The judgment under discussion here raises two interesting issues:

The first concerns the obligation laid down in Article 449.3 LEC to post deposits on appeal in proceedings involving traffic accidents. The question arose as to whether the exemption laid down in Article 12 of the State and Public Institution Legal Assistance Act, Act No. 52/1997 of 27 November 1997, providing that “The State and its Independent Agencies, as well as state-owned enterprises, public bodies governed by their own specific enabling acts that are subsidiary to both, and constitutional bodies shall be exempt from the obligation to post deposits, guarantees, bonds, or any other type of surety provided for by law” applies to the Consorcio de Compensación de Seguros.

The Supreme Court has settled the controversy that had ensued from the varying criteria that have been applied in the case-law handed down by the lower courts, by finding the CCS to be exempt from the requirement to deposit on appeal because the exemption laid down in the said Article 12 LAJEIP is applicable to the Fund as a state-owned enterprise of the kind expressly referred to in the precept considered, which is not impeded by the fact that the Fund’s activities fall within the scope of private law.

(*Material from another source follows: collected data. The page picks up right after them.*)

(* Let $\mathcal{H}=\operatorname{coh}\mathbb{X}$ for a weighted projective line of weight type $(p_1,\ldots,p_t)$, where $p_1,\ldots,p_r$ are even and $p_{r+1},\ldots,p_t$ are odd, and $\mathcal{C}=\mathcal{C}(\mathcal{H})$. (i) If $r\ge1$, then the linear forms (on $\overline{K}_0(\mathcal{C})$ induced by) $\langle\hat s_1,-\rangle,\ \langle\tilde s_2-\tilde s_1,-\rangle,\ldots,\langle\tilde s_r-\tilde s_1,-\rangle$ form a $\mathbb{Z}$-basis of $\overline{K}_0(\mathcal{C})^*=\operatorname{Hom}(\overline{K}_0(\mathcal{C}),\mathbb{Z})$, where $\hat s_1=\sum_{j=0}^{p_1-1}(-1)^j\Phi^js_1$ and $\tilde s_i=\sum_{j=0}^{p_i/2-1}\Phi^{2j}s_i$. (ii) If $r=0$, then $\operatorname{rk}_2$ and $\deg_2$ form a $\mathbb{Z}_2$-basis of $\overline{K}_0(\mathcal{C})^*=\operatorname{Hom}(\overline{K}_0(\mathcal{C}),\mathbb{Z}_2)$.
   Context: $k$ algebraically closed; $\mathcal{H}=\operatorname{coh}\mathbb{X}$ hereditary abelian with AR translation $\tau$ and Serre duality; finite length objects form exceptional tubes of ranks $p_1,\ldots,p_t$ and homogeneous tubes of rank $1$. $L$ structure sheaf, $a=[L]$; $S_i$ ($1\le i\le t$) the unique simple in the $i$-th exceptional tube with $\operatorname{Hom}(L,S_i)\ne0$, $s_i=[S_i]$; $S_0$ simple in a homogeneous tube, $s_0=[S_0]$. Euler form $\langle[X],[Y]\rangle=\dim\operatorname{Hom}(X,Y)-\dim\operatorname{Ext}^1(X,Y)$; Coxeter transformation $\Phi[X]=[\tau X]$ (so $\Phi^{p_i}s_i=s_i$). $\operatorname{rk}(x)=\langle x,s_0\rangle$, $\deg(x)=\sum_{j=0}^{p-1}\langle\Phi^ja,x-\operatorname{rk}(x)a\rangle$, $p=\operatorname{lcm}(p_i)$; $\operatorname{rk}_2,\deg_2$ their reductions mod $2$ on $K_0(\mathcal{H})\otimes\mathbb{Z}_2$. With $\mathcal{D}=D^b(\mathcal{H})$, $F=\tau^{-1}\Sigma$, the cluster category $\mathcal{C}=\mathcal{D}/F^{\mathbb{Z}}$ has $\operatorname{Hom}_{\mathcal{C}}(X,Y)=\bigoplus_i\operatorname{Hom}_{\mathcal{D}}(X,F^iY)$ and projection $\pi$; $\overline{K}_0(\mathcal{C})$ is the Grothendieck group with respect to induced triangles (images under $\pi$ of exact triangles), equal to $\operatorname{Coker}(1+\Phi)$ on $K_0(\mathcal{H})$; linear forms on $K_0(\mathcal{H})$ (resp. mod 2) killing $\operatorname{Im}(1+\Phi)$ are identified with linear forms on $\overline{K}_0(\mathcal{C})$. *)

From HB Require Import structures.
From mathcomp Require Import all_boot all_order all_algebra.
Set Implicit Arguments. Unset Strict Implicit. Unset Printing Implicit Defensive.
Import GRing.Theory Num.Theory.
Local Open Scope ring_scope.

The second question raised was whether a deposit posted by one of the parties found jointly liable releases the other party adjudicated to be at fault. In settling this issue the judgment makes reference to another judgement issued by the Court on 3 February 2011 (RJ 2011\1814), in which it had already ruled on this point, laying down the following doctrine: “deposit on appeal posted by one of the parties jointly liable operates to the benefit of the other jointly liable parties having the same interests”.